Polls suggest, according to Bowman, that a large minority of US citizens claim to have seen a UFO. Here the MSH Board continues: what kind of account is that--primary, secondary, something else? What comes after the eye-witness account? What kind of source is it that, in Bowman’s poll, identifies unidentified phenomena? (Or, in another twist, what kind of witness is a poll of eye-witnesses?) The problem here is less the sources per se as that sources are rarely self-interpreting. How should one read a source or even recognize it as a source? Whence the surplus in source semiotics?


The Road at the Edge of the Forest, etching by Willem Pieterszoon Buyetewech (1616)

With this keynote introduction, the MSH Board announces the conference topic Secondary Sources, welcoming papers and panels framed around and beyond this theme. What is a secondary source? What work do they do after an embodied witness? What are their stakes, and for whom? The questions brim: How do our art and ideas, prose and poetry, scripture and signs, silence and words speak secondarily? Secondary sources may be understood as all those that are not primary, first-person, first-hand, or otherwise eye-witness. How, then, do non-primary sources enact authority, authenticity, boundaries, historicity, liveness, reliability, responsibility, sacredness, and veracity, among other qualities? A secondary source approach to the humanities might invite reflection on how faith-lit meaning is made through the cultural techniques of citation, improvisation, indirection, interruption, intertextuality, marginality, peripherality, persuasion, redirection, reference, restraint, repetitions, reticence, rumors, secretness, tangents, visitations, among others. How do bystanders, intermediaries, observers, spectators, testifiers, and witnesses become special or mundane? If the eye is primary to the eye witness, how do other senses--hearing, touch, smell, taste, balance, instinct, pain, etc.--enrich our secondarily sourced humanities? What kind of sources does the criticism in source criticism assume? How about other forms of art, history, literature, media, philosophy, scripture, theology? Do bits about Mary Magdalene, Joseph Smith, or Borges help sharpen pencils? Secondary sources invite reflections on who listens, who speaks, and under whose terms? How do the evolving conditions of gender, race, class, and other ways of being express themselves as secondhand observers, active bystanders, embodied witnesses, textual and community authorities? Specifically, how do variously gendered, sexually oriented, racial, abled and disabled, neurodiverse, and otherwise diversely divine bodies in concert with one another ground and reproduce, challenge and enrich our readings and analysis of secondary sources and witnessing?

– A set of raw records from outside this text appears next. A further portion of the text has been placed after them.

(* Let $\langle X,<\rangle$ be an infinite linear ordering and $r$ a positive integer. Then there is $Y\subseteq X$ with $|Y|=|X|$ such that for any $y_1<y_2$ in $Y$ there are elements $x^{(k)}_1,\dots,x^{(k)}_r\in X$ for $k=1,2,3$ (at least $r$ of each) with \[x^{(1)}_1,\dots,x^{(1)}_r<y_1<x^{(2)}_1,\dots,x^{(2)}_r<y_2<x^{(3)}_1,\dots,x^{(3)}_r.\] *)

From HB Require Import structures.
From mathcomp Require Import all_boot all_order.
From mathcomp Require Import boolp classical_sets functions cardinality.
Set Implicit Arguments. Unset Strict Implicit. Unset Printing Implicit Defensive.

From HB Require Import structures.
From mathcomp Require Import all_boot all_order.
From mathcomp Require Import boolp classical_sets functions cardinality.
Set Implicit Arguments.
Unset Strict Implicit.
Unset Printing Implicit Defensive.
Import Order.TTheory.
Local Open Scope classical_set_scope.
Local Open Scope card_scope.

(* Zorn's lemma gives a maximal set Y in which any two points a < b have at
   least r points of X strictly between them.  Every point of X is then in Y
   or too close to some y in Y, and only finitely many points are too close to
   a given y: among r + 1 of them below y, the least one has the other r
   between itself and y.  So X is a union of |Y| finite sets and |X| <= |Y|,
   using kappa * aleph_0 = kappa for infinite kappa (obtained from a maximal
   partial injection A * nat -> A, Zorn again).  Removing the endpoints of Y
   does not change its size and leaves points with neighbours in Y on both
   sides; the gaps to these neighbours supply the three blocks of r points. *)

Lemma infinite_set_injseq T (A : set T) : infinite_set A ->
  exists2 e : nat -> T, range e `<=` A & injective e.
Proof.
elim/Ppointed: T => T in A *.
  by rewrite emptyE => /(_ (finite_set0 _)).
move=> /infiniteP /pcard_leP [e].
exists e => [_ [n _ <-]|m n]; first exact: funS.
by move=> /(inj (mem_set I) (mem_set I)).
Qed.

Lemma set_inj_card_le T U (A : set T) (B : set U) (f : T -> U) :
  set_fun A B f -> set_inj A f -> A #<= B.
Proof.
move=> fAB finj.
have /injfunPex[g] : exists2 f, set_fun A B f & set_inj A f by exists f.
exact: inj_card_le g.
Qed.

Section Absorption.
Variable T : Type.
Implicit Types (A : set T) (G : set (T * nat * T)).

Definition graph_dom G : set T := [set x | exists n y, G (x, n, y)].

(* [G] is the graph of an injection from [graph_dom G `*` [set: nat]] into
   [graph_dom G]. *)
Definition absorbing_graph G := [/\ forall p y, G (p, y) -> graph_dom G y,
  forall x, graph_dom G x -> forall n, exists y, G (x, n, y),
  forall p y y', G (p, y) -> G (p, y') -> y = y' &
  forall p p' y, G (p, y) -> G (p', y) -> p = p'].

Lemma absorbing_graphU G1 G2 :
  absorbing_graph G1 -> absorbing_graph G2 ->
  graph_dom G1 `&` graph_dom G2 = set0 -> absorbing_graph (G1 `|` G2).
Proof.
move=> [G1r G1t G1f G1i] [G2r G2t G2f G2i] /disjoints_subset dis.
have domU1 x : graph_dom G1 x -> graph_dom (G1 `|` G2) x.
  by move=> [n [y G1y]]; exists n, y; left.
have domU2 x : graph_dom G2 x -> graph_dom (G1 `|` G2) x.
  by move=> [n [y G2y]]; exists n, y; right.
have dom_in p y (G : set (T * nat * T)) : G (p, y) -> graph_dom G p.1.
  by case: p => x n Gy; exists n, y.
split.
- by move=> p y [/G1r/domU1|/G2r/domU2].
- move=> x [n [y [G1y|G2y]]] m.
    by have [z Gz] := G1t x (ex_intro _ n (ex_intro _ y G1y)) m; exists z; left.
  by have [z Gz] := G2t x (ex_intro _ n (ex_intro _ y G2y)) m; exists z; right.
- move=> p y y' [G1y|G2y] [G1y'|G2y'];
    [exact: G1f G1y G1y' | | | exact: G2f G2y G2y'].
  + by have := dis _ (dom_in _ _ _ G1y); move/(_ (dom_in _ _ _ G2y')).
  + by have := dis _ (dom_in _ _ _ G1y'); move/(_ (dom_in _ _ _ G2y)).
- move=> p p' y [G1y|G2y] [G1y'|G2y'];
    [exact: G1i G1y G1y' | | | exact: G2i G2y G2y'].
  + by have := dis _ (G1r _ _ G1y); move/(_ (G2r _ _ G2y')).
  + by have := dis _ (G1r _ _ G1y'); move/(_ (G2r _ _ G2y)).
Qed.

Lemma absorbing_graph_bigcup (F : set (set (T * nat * T))) :
  (forall G, F G -> absorbing_graph G) -> total_on F subset ->
  absorbing_graph (\bigcup_(G in F) G).
Proof.
move=> Fabs Ftot.
have common t t' : (\bigcup_(G in F) G) t -> (\bigcup_(G in F) G) t' ->
    exists G, [/\ F G, G t & G t'].
  move=> [G FG Gt] [G' FG' G't']; have [GG'|G'G] := Ftot _ _ FG FG'.
    by exists G'; split=> //; exact: GG'.
  by exists G; split=> //; exact: G'G.
split.
- move=> p y [G FG Gy]; have [Gr _ _ _] := Fabs G FG.
  by have [n [z Gz]] := Gr _ _ Gy; exists n, z, G.
- move=> x [n [y [G FG Gy]]] m; have [_ Gt _ _] := Fabs G FG.
  by have [z Gz] := Gt x (ex_intro _ n (ex_intro _ y Gy)) m; exists z, G.
- move=> p y y' Uy Uy'; have [G [FG Gy Gy']] := common _ _ Uy Uy'.
  by have [_ _ Gf _] := Fabs G FG; exact: Gf Gy Gy'.
- move=> p p' y Uy Uy'; have [G [FG Gy Gy']] := common _ _ Uy Uy'.
  by have [_ _ _ Gi] := Fabs G FG; exact: Gi Gy Gy'.
Qed.

Definition seq_graph (e : nat -> T) : set (T * nat * T) :=
  [set t | exists i n, t = (e i, n, e (pickle (i, n)))].

Lemma graph_dom_seq_graph e : graph_dom (seq_graph e) = range e.
Proof.
apply/seteqP; split=> [x [n [y [i [m [-> _ _]]]]]|_ [i _ <-]].
  exact: imageT.
by exists 0, (e (pickle (i, 0))), i, 0.
Qed.

Lemma absorbing_seq_graph e : injective e -> absorbing_graph (seq_graph e).
Proof.
move=> einj; have pickle_inj := pcan_inj (@pickleK (nat * nat)%type).
rewrite /absorbing_graph graph_dom_seq_graph; split.
- by move=> p y [i [n [_ ->]]]; exact: imageT.
- by move=> _ [i _ <-] n; exists (e (pickle (i, n))), i, n.
- by move=> p y y' [i [n [-> ->]]] [i' [n' [/einj <- ->]]].
- move=> p p' y [i [n [-> ->]]] [i' [n' [-> /einj /pickle_inj]]].
  by case=> <- <-.
Qed.

Lemma maximal_absorbing_graph A : infinite_set A ->
  exists G, [/\ absorbing_graph G, graph_dom G `<=` A &
                finite_set (A `\` graph_dom G)].
Proof.
move=> Ainf.
have [G [[Gabs GA] Gmax]] : exists G, (absorbing_graph G /\ graph_dom G `<=` A)
    /\ forall G', G `<` G' -> ~ (absorbing_graph G' /\ graph_dom G' `<=` A).
  apply: Zorn_bigcup => F FP Ftot; split.
    by apply: absorbing_graph_bigcup Ftot => G /FP [].
  by move=> x [n [y [G FG Gy]]]; apply: (FP G FG).2; exists n, y.
exists G; split=> //; apply: contrapT => /infinite_set_injseq [e eA einj].
have eG : range e `&` graph_dom G = set0.
  by apply/disjoints_subset => x /eA [].
apply: (Gmax (G `|` seq_graph e)); last split.
- split=> [t Gt|GeG]; first by left.
  have [_ Ge0] := eA _ (imageT e 0); apply: Ge0; exists 0, (e (pickle (0, 0))).
  by apply: GeG; right; exists 0, 0.
- apply: absorbing_graphU => //; first exact: absorbing_seq_graph.
  by rewrite graph_dom_seq_graph setIC.
- move=> x [n [y [Gy|ey]]]; first by apply: GA; exists n, y.
  have : range e x by rewrite -graph_dom_seq_graph; exists n, y.
  by move=> /eA [].
Qed.

Lemma absorbing_graph_card G :
  absorbing_graph G -> graph_dom G `*` [set: nat] #<= graph_dom G.
Proof.
move=> [Gr Gt _ Gi].
have [g gG] : {g : T * nat -> T & forall p, graph_dom G p.1 -> G (p, g p)}.
  apply: (@choice _ _ (fun (p : T * nat) y => graph_dom G p.1 -> G (p, y))).
  move=> [x n].
  by have [/Gt/(_ n)[y Gy]|] := pselect (graph_dom G x); [exists y | exists x].
apply: (@set_inj_card_le _ _ _ _ g) => [p [dp _]|p p'].
  exact: Gr (gG _ dp).
rewrite !inE => -[dp _] [dp' _] gp.
by apply: Gi (gG _ dp) _; rewrite gp; exact: gG.
Qed.

Lemma card_setUX_nat_le (S F : set T) : S !=set0 -> countable F ->
  (S `|` F) `*` [set: nat] #<= S `*` [set: nat].
Proof.
move=> [z0 Sz0] /pcard_injP [c cinj].
have pickle_inj := pcan_inj (@pickleK (nat * nat)%type).
pose f (p : T * nat) := if pselect (S p.1) then (p.1, p.2.*2)
                        else (z0, (pickle (c p.1, p.2)).*2.+1).
apply: (@set_inj_card_le _ _ _ _ f) => [[x n] _|[x n] [x' n']].
  by rewrite /f; case: pselect.
rewrite !inE /f /= => -[Ax _] [Ax' _].
case: pselect => Sx; case: pselect => Sx' [].
- by move=> -> /double_inj ->.
- by move=> _ /(congr1 odd); rewrite /= !odd_double.
- by move=> _ /(congr1 odd); rewrite /= !odd_double.
- move=> /double_inj /pickle_inj [cx ->]; congr (_, _).
  by apply: cinj cx; rewrite inE; [case: Ax | case: Ax'].
Qed.

Lemma card_setX_nat_le A : infinite_set A -> A `*` [set: nat] #<= A.
Proof.
move=> Ainf; have [G [Gabs GA Afin]] := maximal_absorbing_graph Ainf.
have AU : A `<=` graph_dom G `|` (A `\` graph_dom G).
  by move=> x Ax; have [|] := pselect (graph_dom G x); [left | right].
have Ginf : infinite_set (graph_dom G).
  by move=> Gfin; apply: Ainf; apply: sub_finite_set AU _; rewrite finite_setU.
apply: card_le_trans (subset_card_le (setSX (@subset_refl _ _) AU)) _.
apply: card_le_trans (card_setUX_nat_le (infinite_setN0 Ginf)
                        (finite_set_countable Afin)) _.
exact: card_le_trans (absorbing_graph_card Gabs) (subset_card_le GA).
Qed.

End Absorption.

Lemma card_bigcup_le I T (D : set I) (F : I -> set T) : infinite_set D ->
  (forall i, D i -> countable (F i)) -> \bigcup_(i in D) F i #<= D.
Proof.
elim/Ppointed: I => I in D F *.
  by rewrite emptyE => /(_ (finite_set0 _)).
move=> Dinf Fc; apply: card_le_trans (card_setX_nat_le Dinf).
have [idx idxP] : {idx : T -> I &
    forall x, (\bigcup_(i in D) F i) x -> D (idx x) /\ F (idx x) x}.
  apply: (@choice _ _ (fun x i => (\bigcup_(i in D) F i) x -> D i /\ F i x)).
  move=> x; have [[i Di Fix]|] := pselect ((\bigcup_(i in D) F i) x).
    by exists i.
  by exists point.
have [c cinj] : {c : I -> T -> nat &
    forall i, D i -> {in F i &, injective (c i)}}.
  apply: (@choice _ _ (fun i c => D i -> {in F i &, injective c})) => i.
  have [/Fc/pcard_injP [c ?]|] := pselect (D i); first by exists c.
  by exists (fun=> 0).
apply: (@set_inj_card_le _ _ _ _ (fun x => (idx x, c (idx x) x))).
  by move=> x /idxP [].
move=> x y; rewrite !inE => /idxP [Dx Fx] /idxP [_ Fy] [exy].
by rewrite -exy in Fy *; apply: cinj; rewrite ?inE.
Qed.

Lemma infinite_card_le_setD T (A B : set T) :
  infinite_set A -> finite_set (A `&` B) -> A #<= A `\` B.
Proof.
move=> Ainf ABfin.
have ADinf : infinite_set (A `\` B).
  apply: sub_infinite_set (infinite_setD Ainf ABfin).
  by move=> x [Ax nABx]; split=> // Bx; apply: nABx.
have [z [Az nBz]] := infinite_setN0 ADinf.
pose F i := [set i] `|` (A `&` B).
apply: card_le_trans (card_bigcup_le (F := F) ADinf _).
- apply: subset_card_le => x Ax; have [Bx|nBx] := pselect (B x).
    by exists z => //; right.
  by exists x => //; left.
- move=> i _; apply: finite_set_countable.
  by rewrite finite_setU; split=> //; exact: finite_set1.
Qed.

Lemma finite_set_subset1 T (A : set T) : is_subset1 A -> finite_set A.
Proof.
move=> A1; have [[a Aa]|/nonemptyPn ->] := pselect (A !=set0); last first.
  exact: finite_set0.
by apply: sub_finite_set (finite_set1 a) => b Ab; exact: A1.
Qed.

Local Open Scope order_scope.

Definition separated d (X : orderType d) (r : nat) (a b : X) :=
  exists2 f : 'I_r -> X, injective f & forall i, a < f i < b.
Arguments separated {d X} r a b.

Lemma separated_dual d (X : orderType d) r (a b : X) :
  separated (X := X^d) r a b <-> separated r b a.
Proof.
by split=> -[f finj fab]; exists f => // i; rewrite andbC; exact: fab.
Qed.

Lemma injective_ord_argmin d (X : orderType d) r (e : 'I_r.+1 -> X) :
  injective e -> exists m, forall i, e m < e (lift m i).
Proof.
move=> einj; case: (@arg_minP _ _ _ ord0 predT e isT) => m _ em.
by exists m => i; rewrite lt_neqAle em // (inj_eq einj) neq_lift.
Qed.

Lemma finite_nonseparated_below d (X : orderType d) r (y : X) :
  finite_set [set x | x < y /\ ~ separated r x y].
Proof.
apply: contrapT => /infinite_set_injseq [e eS einj].
have e'inj : injective (e \o val : 'I_r.+1 -> X).
  by move=> i j /einj /val_inj.
have [m em] := injective_ord_argmin e'inj.
have [_ []] := eS _ (imageT e m).
exists (e \o val \o lift m) => [i j /e'inj /lift_inj //|i].
by rewrite em; have [] := eS _ (imageT e (lift m i)).
Qed.

Lemma finite_nonseparated_above d (X : orderType d) r (y : X) :
  finite_set [set x | y < x /\ ~ separated r y x].
Proof.
apply: sub_finite_set (finite_nonseparated_below (X := X^d) r y).
by move=> x [yx nsep]; split=> // /separated_dual.
Qed.

Definition separated_set d (X : orderType d) r (Y : set X) :=
  forall a b, Y a -> Y b -> a < b -> separated r a b.

Definition unseparated d (X : orderType d) r (y : X) :=
  [set y] `|` [set x | x < y /\ ~ separated r x y]
          `|` [set x | y < x /\ ~ separated r y x].

Lemma finite_unseparated d (X : orderType d) r (y : X) :
  finite_set (unseparated r y).
Proof.
rewrite !finite_setU; split; last exact: finite_nonseparated_above.
by split; [exact: finite_set1 | exact: finite_nonseparated_below].
Qed.

Lemma maximal_separated_set d (X : orderType d) r :
  exists2 Y : set X, separated_set r Y &
    [set: X] `<=` \bigcup_(y in Y) unseparated r y.
Proof.
have [Y [Ysep Ymax]] : exists Y : set X, separated_set r Y /\
    forall B, Y `<` B -> ~ separated_set r B.
  apply: Zorn_bigcup => F Fsep Ftot a b [A FA Aa] [B FB Bb] ab.
  have [AB|BA] := Ftot _ _ FA FB.
    exact: Fsep B FB _ _ (AB _ Aa) Bb ab.
  exact: Fsep A FA _ _ Aa (BA _ Bb) ab.
exists Y => // x _; apply: contrapT => xfar.
have nYx : ~ Y x by move=> Yx; apply: xfar; exists x => //; do 2 left.
apply: (Ymax (Y `|` [set x])).
  by split=> [z Yz|/(_ x (or_intror erefl))//]; left.
move=> a b [Ya|->] [Yb|->] ab.
- exact: Ysep.
- by apply: contrapT => nsep; apply: xfar; exists a => //; right.
- by apply: contrapT => nsep; apply: xfar; exists b => //; left; right.
- by rewrite ltxx in ab.
Qed.

Lemma finite_setI_bounds d (X : porderType d) (Y : set X) :
  finite_set (Y `&` (lbound Y `|` ubound Y)).
Proof.
rewrite setIUr finite_setU; split; apply: finite_set_subset1.
  by move=> a b [Ya aY] [Yb bY]; apply/eqP; rewrite eq_le (aY _ Yb) (bY _ Ya).
by move=> a b [Ya Ya'] [Yb Yb']; apply/eqP; rewrite eq_le (Yb' _ Ya) (Ya' _ Yb).
Qed.

Lemma inner_point_bounds d (X : orderType d) (Y : set X) y :
  (Y `\` (lbound Y `|` ubound Y)) y -> exists a b, [/\ Y a, Y b, a < y & y < b].
Proof.
move=> [_ /not_orP [/existsNP [a /not_implyP [Ya ya]]]].
move=> /existsNP [b /not_implyP [Yb yb]].
by exists a, b; rewrite !ltNge; split=> //; apply/negP.
Qed.

Theorem fact3p2 (d : Order.disp_t) (X : orderType d) (r : nat) :
  infinite_set [set: X] -> (0 < r)%N ->
  exists Y : set X, Y #= [set: X] /\
    forall y1 y2 : X, Y y1 -> Y y2 -> y1 < y2 ->
      exists (x1 x2 x3 : 'I_r -> X),
        [/\ injective x1, injective x2, injective x3 &
          forall i : 'I_r, [/\ x1 i < y1, y1 < x2 i, x2 i < y2 & y2 < x3 i]].
Proof.
move=> Xinf _.
have [Y Ysep Ycover] := maximal_separated_set X r.
have Yinf : infinite_set Y.
  move=> Yfin; apply/Xinf/(sub_finite_set Ycover)/bigcup_finite => // y _.
  exact: finite_unseparated.
have XY : [set: X] #<= Y.
  apply: card_le_trans (subset_card_le Ycover) (card_bigcup_le Yinf _) => y _.
  exact/finite_set_countable/finite_unseparated.
exists (Y `\` (lbound Y `|` ubound Y)); split.
  apply/card_eqPle; split; first exact: card_leT.
  exact: card_le_trans XY (infinite_card_le_setD Yinf (finite_setI_bounds Y)).
move=> y1 y2 /[dup] Y'1 [Y1 _] /[dup] Y'2 [Y2 _] y12.
have [a [_ [Ya _ ay1 _]]] := inner_point_bounds Y'1.
have [_ [b [_ Yb _ y2b]]] := inner_point_bounds Y'2.
have [x1 x1inj x1P] := Ysep _ _ Ya Y1 ay1.
have [x2 x2inj x2P] := Ysep _ _ Y1 Y2 y12.
have [x3 x3inj x3P] := Ysep _ _ Y2 Yb y2b.
exists x1, x2, x3; split=> // i.
by move: (x1P i) (x2P i) (x3P i) => /andP[_ ->] /andP[-> ->] /andP[-> _].
Qed.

The Road at the Edge of the Forest, etching by Willem Pieterszoon Buyetewech

Given the conference keynote theme, a few alternative topics might concern the supernatural and natural, the aesthetics of mystery and mundaneness, the alien and the foreigner, medicine, magic, technology, and, of course, visitations.


Interested scholars (rising, independent, affiliated), graduate students, and students are invited to submit through this link abstracts for papers as well as proposals for organized panels (250 word max), together with a bio (50 word max).

Proposals received by October 31 will be fully considered. Notifications will be sent out no later than November 30.

A few notes:

  • All presenters are required to register for the conference.

  • No institutional or religious affiliations are assumed or required for participation.

  • Graduate students wishing to be considered for a Graduate Student Travel Grant may indicate that in their online submission.

  • Potential participants who know they can only participate through Zoom are required to mark this as well in their online submission. We do not plan to accommodate Zoom requests made after submission.

  • Information about the registration fee and available accommodation will be posted soon at mormonscholars.net.